# Beethoven Concerto No. 3 Mvt. 1



## Violinnostalgics (Sep 24, 2010)

Hello, everyone, can anyone tell me more about about Beethoven's Concerto No.3 Mvt.1, about how it was composed, the background and synopsis of the music and where it was first heard? Thanks. :tiphat:


----------



## Delicious Manager (Jul 16, 2008)

If you search for this piece with a search engine, you find a huge amount of useful information. What have time to tell you:

First performance: 5 April 1803 (same concert that the Second Symphony and the oratorio _Christ on the Mount of Olives_ were also first performed).


----------



## Violinnostalgics (Sep 24, 2010)

Wow, that was such a long time ago. Thanks for your info anyways! ;D


----------



## hpowders (Dec 23, 2013)

Violinnostalgics said:


> Hello, everyone, can anyone tell me more about about Beethoven's Concerto No.3 Mvt.1, about how it was composed, the background and synopsis of the music and where it was first heard?

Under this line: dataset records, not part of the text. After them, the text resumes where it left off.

Definition strong_resolving_set (S : {set T}) : bool :=
  [forall u, forall v, (u != v) ==> [exists w in S, strongly_resolves w u v]].

Definition dim_s : nat :=
  \big[minn/#|T|]_(S : {set T} | strong_resolving_set S) #|S|.

End Dist.

Definition connected_graph (T : finType) (e : rel T) : Prop :=
  forall x y : T, exists n, walkn e n x y.

(* Let n = 2k+1 and N = 2k.  A walk of length l in C_n advances by p - m (mod n) with
   p + m = l, so any two vertices of C_n × C_n are joined by a walk of length exactly N, while
   two vertices adjacent in the Cartesian product C_n □ C_n are joined by no shorter walk: its
   projections would have lengths of opposite parity.  Such pairs are mutually maximally
   distant, so every strong resolving set contains one end of each of them; in each row this
   is a vertex cover of the odd cycle C_n, hence has at least k+1 elements.  Conversely, the
   n(k+1) vertices whose coordinate sum is even modulo n form a strong resolving set: for
   u ≠ v there is a neighbour w of u in C_n □ C_n with v on a shortest u-w path, and w lies in
   the set whenever u does not. *)

From mathcomp Require Import all_boot all_order zify.
Set Implicit Arguments. Unset Strict Implicit. Unset Printing Implicit Defensive.
Import Order.TTheory.

Section Walks.
Variables (T : finType) (e : rel T).

Lemma walknP n (x y : T) :
  reflect (exists s, [/\ size s = n, path e x s & last x s = y]) (walkn e n x y).
Proof.
apply: (iffP existsP) => [[p /andP [px /eqP py]] | [s [sn px py]]].
  by exists p; rewrite size_tuple.
have sn' : size s == n by rewrite sn.
by exists (Tuple sn'); rewrite /= px py eqxx.
Qed.

Lemma walkn0 (x y : T) : walkn e 0 x y = (x == y).
Proof.
apply/walknP/eqP => [[s [/size0nil -> _ <-]] // | <-].
by exists [::].
Qed.

Lemma walknS n (x y : T) : walkn e n.+1 x y = [exists z, e x z && walkn e n z y].
Proof.
apply/walknP/existsP => [[[|z s] [//= [sn] /andP [xz zs] sy]] | [z /andP [xz]]].
  by exists z; rewrite xz; apply/walknP; exists s.
case/walknP=> s [sn zs sy].
by exists (z :: s); rewrite /= xz sn.
Qed.

Lemma dist_min n (x y : T) :
  walkn e n x y -> n < #|T| -> walkn e (dist e x y) x y /\ dist e x y <= n.
Proof.
move=> xy_n n_lt.
have dist_le : dist e x y <= n.
  exact: (@bigmin_le_cond _ nat _ _ (Ordinal n_lt) (fun m : 'I_#|T| => walkn e m x y) val).
split=> //.
have : (dist e x y == #|T|) || walkn e (dist e x y) x y.
  rewrite /dist; elim/big_ind: _ => [|a b|i ->]; rewrite ?eqxx ?orbT //.
  by rewrite /minn; case: ifP.
by case/orP => // /eqP dist_eq; move: dist_le; rewrite dist_eq leqNgt n_lt.
Qed.

Lemma in_interval_cat l1 l2 (u v w : T) :
  walkn e l1 u v -> walkn e l2 v w -> l1 + l2 = dist e u w -> in_interval e u w v.
Proof.
move=> /walknP [s1 [<- us1 s1v]] /walknP [s2 [<- vs2 s2w]] l12.
have s12 : size (s1 ++ s2) == dist e u w by rewrite size_cat l12.
apply/existsP; exists (Tuple s12).
by rewrite /= cat_path us1 s1v vs2 last_cat s1v s2w eqxx -cat_cons mem_cat -{1}s1v mem_last.
Qed.

Lemma in_interval_last (u v : T) : walkn e (dist e u v) u v -> in_interval e u v v.
Proof. by move=> uv; apply: (in_interval_cat (l2 := 0) uv); rewrite ?walkn0 ?addn0. Qed.

(* The part of a shortest [u]-[w] path up to [v] is already as long as the whole path. *)
Lemma in_interval_far D (u v w : T) :
  u != v -> (forall l, walkn e l u v -> D <= l) -> dist e u w <= D ->
  in_interval e u w v -> w = v.
Proof.
move=> uv far dist_le /existsP [p /and3P [up /eqP pw]].
rewrite in_cons eq_sym (negbTE uv) /= => vp.
have := size_tuple p; move: up pw; case/splitPr: vp => p1 p2.
rewrite cat_path /= => /and3P [up1 p1v vp2] pw sp.
have : D <= (size p1).+1.
  apply: far; apply/walknP; exists (rcons p1 v).
  by rewrite size_rcons rcons_path up1 p1v last_rcons.
case: p2 vp2 pw sp => [|z p2] _; first by rewrite last_cat.
rewrite size_cat /= => _ sp; lia.
Qed.

Lemma strongly_resolves_far D (u v w : T) :
  u != v -> (forall l, walkn e l u v -> D <= l) -> (forall l, walkn e l v u -> D <= l) ->
  dist e u w <= D -> dist e v w <= D -> strongly_resolves e w u v -> w = u \/ w = v.
Proof.
move=> uv far_uv far_vu du dv /orP [uwv | vwu].
  by right; exact: in_interval_far uv far_uv du uwv.
by left; apply: in_interval_far far_vu dv vwu; rewrite eq_sym.
Qed.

Thanks. :tiphat:


I don't know if you are still an active poster here, but Beethoven used Mozart's own C minor Piano Concerto, No. 24 as his model for his Third Piano Concerto. What a great compliment!

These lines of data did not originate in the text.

(* (s, d) \in S_M^h : the affine semigroup generated by the (z, 1),
   z \in M \cap Z^n.  (Its elements have nonnegative last coordinate,
   so we index them by pairs (s, d) with d : nat.) *)
Definition inShM (V : seq 'rV[R]_n) (s : exps) (d : nat) : Prop :=
  exists zs : seq exps, (forall z, z \in zs -> latticePt V z) /\
    size zs = d /\ s = \sum_(z <- zs) z.

Definition SM_pointed (V : seq 'rV[R]_n) : Prop :=
  forall s, inSM V s -> inSM V (- s) -> s = 0.

Definition isAffDeg (V : seq 'rV[R]_n) (s : exps) (d : nat) : Prop :=
  inShM V s d /\ forall d', inShM V s d' -> (d <= d')%N.

Definition affdeg (V : seq 'rV[R]_n) (s : exps) : nat :=
  epsilon (inhabits 0%N) (isAffDeg V s).

(* Divisibility |_delta between monomials X^(s,ds), X^(r,dr) of K[S_M^h];
   the sparse degree of the monomial X^(t,dt) is delta^A(X^t). *)
Definition hdvd (V : seq 'rV[R]_n) (s : exps) (ds : nat) (r : exps) (dr : nat)
  : Prop :=
  exists (t : exps) (dt : nat), inShM V t dt /\ s + t = r /\ (ds + dt = dr)%N /\
    (affdeg V s + affdeg V t = affdeg V r)%N.

(* Divisibility |_delta between monomials X^s, X^r of K[S_M], via the
   homogenizations chi^{-1}(X^s) = X^(s, delta^A(X^s)). *)
Definition sdvd (V : seq 'rV[R]_n) (s r : exps) : Prop :=
  hdvd V s (affdeg V s) r (affdeg V r).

You can hear opening movement similarities when you listen to both.


----------



## Pugg (Aug 8, 2014)

Delicious Manager said:


> If you search for this piece with a search engine, you find a huge amount of useful information. What have time to tell you:
> 
> First performance: 5 April 1803 (same concert that the Second Symphony and the oratorio _Christ on the Mount of Olives_ were also first performed).


Google is always your friend.


----------